Hemant's Blog: May 2016

Sunday, May 22, 2016

Week 5: Introduction to Spark - and its (almost) over!

Ok to be honest, I am pretty tired writing weekly summaries of what I learned, especially with the heavy programming workload the past two weeks have entailed. But I think for the sake of completeness I will post a few highlights.

Spark is an interactive environment that is more interactive than Hadoop Streaming and provides a superior framework than MapReduce (which we learnt last week). It is especially true when there are iterative algorithms involved such as for machine learning. It also supports a number of languages such as Python, Scala etc. rather than just Java.
We looked at Spark architecture in a Cloudera VM on Amazon EC3 for e.g. There is a cluster manager and a bunch of worker nodes which has many partition of Python executors.
We learnt to fire off PySpark the interactive Spark environment with Python Command Line Interpreter.
Lesson 2 was all about Resilient Distributed Datasets (RDD). These are Spark data constructs which store blocks of data.
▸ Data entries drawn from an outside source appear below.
(* Let $(s_1,s_2)$ and $(s'_1,s'_2)$ be two ordered pairs of involutive elements of $S_n$ and $\beta,\beta'$ their dihedral decompositions. Then $(s_1,s_2)$ is conjugate to $(s'_1,s'_2)$ (i.e. $s'_i=gs_ig^{-1}$, $i=1,2$, for some $g\in S_n$) if and only if $\beta=\beta'$.
   Context: An involutive element is $s\in S_n$ with $s^2=1$ (the identity included). Given an ordered pair $(s_1,s_2)$ of involutions, the infinite dihedral group $D_\infty=\langle\sigma_1,\sigma_2\mid\sigma_1^2=\sigma_2^2=1\rangle$ acts on $\{1,\dots,n\}$ via $\sigma_i\mapsto s_i$. Each orbit is of one of four types: type 1: neither $\sigma_1$ nor $\sigma_2$ has a fixed point in it (even size); type 2: each of $\sigma_1,\sigma_2$ has exactly one fixed point (odd size); type 3: $\sigma_1$ has two fixed points and $\sigma_2$ none (even size); type 4: $\sigma_1$ has none and $\sigma_2$ has two fixed points (even size). The dihedral decomposition of $(s_1,s_2)$ is the collection, for each type $t=1,2,3,4$, of the unordered multiset of sizes of the orbits of type $t$. *)

From mathcomp Require Import all_boot all_order all_fingroup.
Set Implicit Arguments. Unset Strict Implicit. Unset Printing Implicit Defensive.


(* Elements of S_n are permutations of 'I_n = {0,..,n-1}. *)
Definition involutive_perm (n : nat) (s : {perm 'I_n}) : Prop := (s * s = 1)%g.

Section Dihedral.
Variables (n : nat) (s1 s2 : {perm 'I_n}).

(* the image of D_infinity = <sigma1, sigma2> acting via sigma_i |-> s_i *)
Definition dih_group : {group {perm 'I_n}} := <<[set s1; s2]>>%G.

Definition dih_orbits : {set {set 'I_n}} :=
  [set orbit 'P dih_group x | x : 'I_n].

Definition nfix (s : {perm 'I_n}) (O : {set 'I_n}) : nat :=
  #|[set x in O | s x == x]|.

Definition orbit_type (O : {set 'I_n}) : nat :=
  match (nfix s1 O, nfix s2 O) with
  | (0, 0) => 1%N
  | (1, 1) => 2%N
  | (2, 0) => 3%N
  | (0, 2) => 4%N
  | _ => 0%N
  end.

(* unordered multiset of sizes of orbits of type t, as a sorted list *)
Definition sizes_of_type (t : nat) : seq nat :=
  sort leq (map (fun O : {set 'I_n} => #|O|) (enum [set O in dih_orbits | orbit_type O == t :> nat])).

Definition dihedral_decomposition : seq (seq nat) :=
  [seq sizes_of_type t | t <- [:: 1; 2; 3; 4]].
End Dihedral.

(* Let r be s1 followed by s2. Since s1 r s1 = r^-1, the orbit of x under <s1, s2> is
   the union of the r-cycles of x and of s1 x, on which s1 acts as a reflection. Either
   these two cycles coincide, and then s1 or s2 has a fixed point in the orbit and the
   parity of its length decides how many fixed points s1 and s2 have (types 2, 3, 4);
   or they are disjoint cycles of the same length exchanged by s1, and there are no
   fixed points (type 1). Choosing the base point x as a fixed point of s1 (or of s2)
   in the first case, two orbits of the same type and size become isomorphic by sending
   r^j x to r'^j x' (and s1 r^j x to s1' r'^j x'). Gluing such isomorphisms along a
   bijection of the orbits that preserves type and size yields the conjugating
   permutation; conversely conjugation by g maps orbits to orbits, preserving types and
   sizes. *)

From mathcomp Require Import all_boot all_order all_fingroup zify.

Set Implicit Arguments. Unset Strict Implicit. Unset Printing Implicit Defensive.

Lemma double_eq0_mod c j : j < c -> (j.*2 == 0 %[mod c]) = (j == 0) || (j.*2 == c).
Proof.
move=> jc; rewrite mod0n; case: (ltnP j.*2 c) => [lt2 | ge2].
  by rewrite modn_small //; lia.
by rewrite -(subnK ge2) modnDr modn_small; lia.
Qed.

Lemma card_double_eq0_mod c :
  0 < c -> #|[set j : 'I_c | j.*2 == 0 %[mod c]]| = (~~ odd c).+1.
Proof.
move=> c_gt0; have [c_odd | c_even] := boolP (odd c).
  rewrite -(cards1 (Ordinal c_gt0)); apply: eq_card => j.
  by rewrite !inE double_eq0_mod // -val_eqE /=; lia.
have half_lt : c./2 < c by lia.
transitivity #|[set Ordinal c_gt0; Ordinal half_lt]|.
  by apply: eq_card => j; rewrite !inE double_eq0_mod // -!val_eqE /=; lia.
by rewrite cards2 -val_eqE /=; lia.
Qed.

Lemma perm_fibersP (A B : eqType) (s1 s2 : seq (A * B)) :
  reflect (forall a, perm_eq [seq p.2 | p <- s1 & p.1 == a] [seq p.2 | p <- s2 & p.1 == a])
          (perm_eq s1 s2).
Proof.
apply: (iffP idP) => [eq12 a | eq_fibers]; first by rewrite perm_map ?perm_filter.
apply/allP => -[a b] _ /=; move/seq.permP/(_ (pred1 b)): (eq_fibers a).
have same : predI (preim snd (pred1 b)) (fun p => p.1 == a) =1 pred1 (a, b).
  by move=> [x y]; rewrite /= xpair_eqE andbC.
by rewrite !count_map !count_filter !(eq_count same) => ->.
Qed.

Section IterOrder.
Variables (T : finType) (f : T -> T).
Hypothesis f_inj : injective f.

Lemma iter_mul_order x q : iter (q * fingraph.order f x)%N f x = x.
Proof. by elim: q => // q IHq; rewrite mulSn iterD IHq iter_order. Qed.

Lemma iter_mod_order x i : iter (i %% fingraph.order f x) f x = iter i f x.
Proof. by rewrite {2}(divn_eq i (fingraph.order f x)) addnC iterD iter_mul_order. Qed.

Lemma eq_iter_order x i j : (iter i f x == iter j f x) = (i == j %[mod fingraph.order f x]).
Proof.
rewrite -iter_mod_order -(iter_mod_order x j); apply/eqP/eqP => [eq_ij | -> //].
by rewrite -(findex_iter (ltn_pmod i (fingraph.order_gt0 f x))) eq_ij findex_iter ?ltn_pmod.
Qed.

Lemma iter_inj j : injective (iter j f).
Proof. by elim: j => // j IHj y z /f_inj /IHj. Qed.

End IterOrder.

Arguments iter_inj [T f] f_inj j [x1 x2].

Section CycleTransfer.
Variables (T : finType) (f g : T -> T).
Hypotheses (f_inj : injective f) (g_inj : injective g).

Definition cycle_transfer x0 y0 y := iter (findex f x0 y) g y0.

Variables x0 y0 : T.
Hypothesis eq_order : fingraph.order f x0 = fingraph.order g y0.
Local Notation phi := (cycle_transfer x0 y0).

Lemma cycle_transfer0 : phi x0 = y0.
Proof. by rewrite /cycle_transfer findex0. Qed.

Lemma cycle_transfer_in y : fconnect g y0 (phi y).
Proof. exact: fconnect_iter. Qed.

Lemma cycle_transferS y : fconnect f x0 y -> phi (f y) = g (phi y).
Proof.
move/iter_findex=> {1}<-; rewrite /cycle_transfer -iterS -(iter_mod_order f_inj).
by rewrite findex_iter ?ltn_pmod // eq_order (iter_mod_order g_inj).
Qed.

Lemma cycle_transfer_iter j y : fconnect f x0 y -> phi (iter j f y) = iter j g (phi y).
Proof.
move=> x0y; elim: j => // j IHj.
by rewrite !iterS cycle_transferS ?IHj // (connect_trans x0y) ?fconnect_iter.
Qed.

Lemma cycle_transfer_inj : {in fconnect f x0 &, injective phi}.
Proof.
move=> y1 y2 x0y1 x0y2 /eqP; rewrite (eq_iter_order g_inj) -eq_order.
by rewrite -(eq_iter_order f_inj) !iter_findex // => /eqP.
Qed.

End CycleTransfer.

Lemma dih_group_l n (u v : {perm 'I_n}) : u \in dih_group u v.
Proof. by rewrite mem_gen ?set21. Qed.

Lemma dih_group_r n (u v : {perm 'I_n}) : v \in dih_group u v.
Proof. by rewrite mem_gen ?set22. Qed.

Lemma nfixP n (s : {perm 'I_n}) (O : {set 'I_n}) :
  reflect (exists2 y, y \in O & s y = y) (nfix s O != 0).
Proof.
rewrite -lt0n; apply: (iffP card_gt0P) => [[y] | [y yO sy]].
  by rewrite inE => /andP[yO /eqP sy]; exists y.
by exists y; rewrite inE yO sy eqxx.
Qed.

Lemma dih_group_sym n (u v : {perm 'I_n}) : dih_group v u = dih_group u v.
Proof. by apply: val_inj; rewrite /= setUC. Qed.

Section DihedralOrbits.
Variables (n : nat) (u v : {perm 'I_n}).
Hypotheses (uK : involutive u) (vK : involutive v).
Local Notation r := (u * v)%g.
Local Notation orb := (orbit 'P (dih_group u v)).
Let r_inj : injective r := @perm_inj _ r.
They have resiliency as such that they can be recreated if a node fails. RDDs are immutable. One creates a new RDD by performing transform operations.
We talked about transform operations or transformations. There are narrow transformations which are not very heavy on network usage such as map, flatmap, coalesce, select etc. There are wide transformations such as ‘groupByKey’, ‘reduceByKey’ and repartition. These cause huge movement of data between nodes and are memory/compute intensive. As part of this lecture’s homework we did a simple ‘Join’ operation of two sets of data in Spark using the PySpark environment. I had no trouble passing this.
The third lesson in the series was all about jobs scheduling, actions, caching data and use of shared variables. We learned about the ‘Directed Acyclic Graph Scheduler (DAG) and how it allows Spark to keep track of execution pipeline. Interestingly most Spark transformations are negative in the sense they are not triggered until certain actions such as collect().
The final assignment was a programming assignment where we had to go back to the channel, shows, viewers data from week 4 and redo the assignment using the Spark interactive framework. This assignment was tough and took me a better part of my Sunday. But in the end I was able to upload my answer – total viewership for a particular channel and get 100/100. In getting this one write I had to be shameless and try a lot of things many times ending in ‘epic-fails.’ I also had to repeated go back to past lessons and identify course material relevant to the problem at hand. In the end this assignment was way more completed than should be expected for a business leader to solve – but I am glad I raised my work to meet the expectations of this week.
I still have a final quiz to pass on the Section 3. After numerous tries (and repeated review of course notes and videos) I am only able to get 4 out of 6 right. I need to get at least 5/6 right. I have (I think) until the end of the week to get this right so that I can pass the course with 16/16 assignments. So far I have 15/16 done.

Overall Observation

Overall I learnt a lot in this course and really pushed my ability to code and apply the course material to actual programming problems. Even after such grueling assignments it is humbling to know that I have far from a working knowledge to use Spark/Hadoop for rigorous data modeling. I just know what questions to ask!

Tuesday, May 17, 2016

Week 4: Map Reduce and the Challenging yet Successful week coding Mapper/Reducer for a JOIN operation

Week 4 – MapReduce

KEY TAKEAWAYS

Learned about the MapReduce framework on Hadoop.
We looked at a simple word count program to understand how a mapper works and how a reducer works and how you get different results with different number of reducers.
We learnt about JOIN where you collect two sets of data and join them by finding common key values and get meaningful insights out of the data.
There was a (what now feels like) pretty easy assignment that was used to demonstrate a JOIN for calculating network viewership by show. We had to code the mapper and reducer in Python and also device the algorithm. After several days of struggle I was finally able to make it work.
Sometimes bugs/difficulties are a blessing as it really forces you to learn all the tricks of the trade on how to debug code, really understand what each line in example code works and also marshal resources.
There isn’t a lot of TA support on the Coursera online courses

General Info on MapReduce

MapReduce is a key framework for handling and processing large amounts of unconnected data that is relatively static and does not change. Hadoop does that by mapping the data into a number of nodes and performing a mapping function – which is assigning a key and a value to create a pair.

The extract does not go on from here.